Lemma dotvC n (x y : 'rV[R]_n) : dotv x y = dotv y x.
Proof. by apply: eq_bigr => i _; rewrite mulrC. Qed.

Lemma on_sphere_dim_gt0 n (y : 'rV[R]_n) : on_sphere y -> (0 < n)%N.
Proof. by case: n y => // y; rewrite /on_sphere /dotv big_ord0 eq_sym oner_eq0. Qed.

Definition zonal_mx n (y : 'rV[R]_n) : 'M[R]_n := y^T *m y - n%:R^-1 *: 1%:M.

Lemma zonal_mxE n (y : 'rV[R]_n) i j :
  zonal_mx y i j = y 0 i * y 0 j - (i == j)%:R / n%:R.
Proof. by rewrite !mxE big_ord1 !mxE [_^-1 * _]mulrC. Qed.

Lemma harm2_zonal_mx n (y : 'rV[R]_n) : on_sphere y -> harm2 (zonal_mx y).
Proof.
move=> y1; have n_gt0 := on_sphere_dim_gt0 y1; apply/andP; split.
  by apply/eqP/matrixP => i j; rewrite mxE !zonal_mxE mulrC eq_sym.
rewrite /mxtrace; under eq_bigr => i _ do rewrite zonal_mxE eqxx /= mulr1n div1r.
rewrite sumrB sumr_const card_ord -[_^-1 *+ _]mulr_natr mulVf ?pnatr_eq0 -?lt0n //.
by rewrite -/(dotv y y) (eqP y1) subrr.
Qed.

Lemma frob_zonal_mx n (y : 'rV[R]_n) (Q : 'M[R]_n) : \tr Q = 0 ->
  frob (zonal_mx y) Q = (y *m Q *m y^T) 0 0.
Proof.
move=> trQ; rewrite /frob.
have diag_sum i : \sum_j (i == j)%:R / n%:R * Q i j = Q i i / n%:R.
  rewrite -[RHS](sum_delta_mull (fun j => Q i j / n%:R) i).
  by apply: eq_bigr => j _; rewrite mulrAC mulrA.
under eq_bigr => i _ do under eq_bigr => j _ do rewrite zonal_mxE mulrBl.
under eq_bigr => i _ do rewrite sumrB diag_sum.
rewrite sumrB -mulr_suml -/(\tr Q) trQ mul0r subr0 mxE.
rewrite exchange_big; apply: eq_bigr => j _; rewrite !mxE mulr_suml; apply: eq_bigr => i _.
by rewrite mulrAC.
Qed.

Lemma frob_zonal_zonal n (x y : 'rV[R]_n) : on_sphere x -> on_sphere y ->
  frob (zonal_mx x) (zonal_mx y) = dotv x y ^+ 2 - n%:R^-1.
Proof.
move=> x1 y1; rewrite frob_zonal_mx; last by case/andP: (harm2_zonal_mx y1) => _ /eqP.
rewrite /zonal_mx mulmxBr mulmxBl mulmxA -mulmxA -scalemxAr mulmx1 -scalemxAl.
rewrite mxE [X in _ + X]mxE [X in _ - X]mxE mxE big_ord1 !dotv_mulmx.
by rewrite (eqP x1) mulr1 [dotv y x]dotvC expr2.
Qed.

Lemma harm_inner_zonal n (x y : 'rV[R]_n) : on_sphere x -> on_sphere y ->
  harm_inner (zonal_mx x) (zonal_mx y) = 2 / (n * (n + 2))%:R * (dotv x y ^+ 2 - n%:R^-1).
Proof. by move=> x1 y1; rewrite harm_inner_frob ?harm2_zonal_mx // frob_zonal_zonal. Qed.
End ZonalHarmonic.

Section HarmonicBasis.
Variables (R : rcfType) (n D : nat) (E : 'I_D -> 'M[R]_n).
Hypothesis harm2E : forall i, harm2 (E i).
Hypothesis harm2_span : forall Q, harm2 Q -> Q = \sum_i harm_inner Q (E i) *: E i.

Lemma harm_inner_parseval (A B : 'M[R]_n) : harm2 B ->
  harm_inner A B = \sum_i harm_inner A (E i) * harm_inner B (E i).
Proof.
move=> harmB; rewrite harm_inner_frob // {1}(harm2_span harmB) frob_sumr mulr_sumr.
by apply: eq_bigr => i _; rewrite (harm_inner_frob A (harm2E i)); ring.
Qed.

Lemma reproducing_kernelE (K : 'M[R]_n) y : on_sphere y -> harm2 K ->
  (forall Q, harm2 Q -> harm_inner K Q = (y *m Q *m y^T) 0 0) ->
  K = ((n * (n + 2))%:R / 2) *: zonal_mx y.
Proof.
move=> y1 harmK reprK; set c := _ / 2.
have n_gt0 : (0 : R) < n%:R by rewrite ltr0n (on_sphere_dim_gt0 y1).
have harm_diff : harm2 (K - c *: zonal_mx y) by rewrite harm2B ?harm2Z ?harm2_zonal_mx.
apply/subr0_eq; rewrite (harm2_span harm_diff) big1 // => i _.
have /andP [_ /eqP trEi] := harm2E i.
rewrite harm_inner_frob // frobBl frobZl frob_zonal_mx // -reprK // harm_inner_frob //.
by rewrite /c (_ : _ * _ = 0) ?scale0r //; field; rewrite !lt0r_neq0 ?addr_gt0.
Qed.

Lemma dotv_coord (A B : 'M[R]_n) : harm2 B ->
  dotv (\row_i harm_inner A (E i)) (\row_i harm_inner B (E i)) = harm_inner A B.
Proof.
by move=> harmB; rewrite (harm_inner_parseval _ harmB); apply: eq_bigr => i _; rewrite !mxE.
Qed.

Section ReproducingKernel.
Variable K : 'rV[R]_n -> 'M[R]_n.
Hypothesis harm2K : forall x, on_sphere x -> harm2 (K x).
Hypothesis K_repr : forall x, on_sphere x ->
  forall Q, harm2 Q -> harm_inner (K x) Q = (x *m Q *m x^T) 0 0.

Lemma kernelE x : on_sphere x -> K x = ((n * (n + 2))%:R / 2) *: zonal_mx x.
Proof. by move=> x1; apply: reproducing_kernelE; [exact: x1|exact: harm2K|exact: K_repr]. Qed.

Lemma harm_inner_kernel x y : on_sphere x -> on_sphere y ->
  harm_inner (K x) (K y) = (n * (n + 2))%:R / 2 * (dotv x y ^+ 2 - n%:R^-1).
Proof.
move=> x1 y1; have n_gt0 : (0 : R) < n%:R by rewrite ltr0n (on_sphere_dim_gt0 x1).
rewrite !kernelE // harm_innerZ ?harm2_zonal_mx // harm_inner_zonal //.
by rewrite natrM natrD; field; rewrite !lt0r_neq0 ?addr_gt0.
Qed.

Lemma harm_inner_normalized_kernel x y : (1 < n)%N -> on_sphere x -> on_sphere y ->
  let G z := (Num.sqrt (harm_inner (K z) (K z)))^-1 *: K z in
  harm_inner (G x) (G y) = (n%:R * dotv x y ^+ 2 - 1) / (n%:R - 1).
Proof.
move=> n_gt1 x1 y1 G; have n_gt1R : (1 : R) < n%:R by rewrite ltr1n.
have norm_K z : on_sphere z -> harm_inner (K z) (K z) = (n * (n + 2))%:R / 2 * (1 - n%:R^-1).
  by move=> z1; rewrite harm_inner_kernel // (eqP z1) expr1n.
have norm_gt0 : 0 < (n * (n + 2))%:R / 2 * (1 - n%:R^-1) :> R.
  rewrite natrM natrD; apply: mulr_gt0; first by apply: divr_gt0 => //; apply: mulr_gt0; lra.
  by rewrite subr_gt0 invf_lt1 //; lra.
rewrite /G harm_innerZ ?harm2K // !norm_K // harm_inner_kernel // -invfM -expr2 sqr_sqrtr ?ltW //.
by rewrite natrM natrD; field; rewrite !lt0r_neq0 ?subr_gt0 ?addr_gt0 //; lra.
Qed.
End ReproducingKernel.
End HarmonicBasis.

Section AntipodalDesign.
Variables (R : rcfType) (D : nat).
Implicit Types (Z : seq 'rV[R]_D) (a : expo D) (z : 'rV[R]_D).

*****

Beginning with the line containing "have harm_diff : harm2" and ending with the line containing "Variable K : 'rV[R]_n -> 'M[R]_n.", extract those lines exactly from the listing above, and only those.

have harm_diff : harm2 (K - c *: zonal_mx y) by rewrite harm2B ?harm2Z ?harm2_zonal_mx.
apply/subr0_eq; rewrite (harm2_span harm_diff) big1 // => i _.
have /andP [_ /eqP trEi] := harm2E i.
rewrite harm_inner_frob // frobBl frobZl frob_zonal_mx // -reprK // harm_inner_frob //.
by rewrite /c (_ : _ * _ = 0) ?scale0r //; field; rewrite !lt0r_neq0 ?addr_gt0.
Qed.

Lemma dotv_coord (A B : 'M[R]_n) : harm2 B ->
  dotv (\row_i harm_inner A (E i)) (\row_i harm_inner B (E i)) = harm_inner A B.
Proof.
by move=> harmB; rewrite (harm_inner_parseval _ harmB); apply: eq_bigr => i _; rewrite !mxE.
Qed.

Section ReproducingKernel.
Variable K : 'rV[R]_n -> 'M[R]_n.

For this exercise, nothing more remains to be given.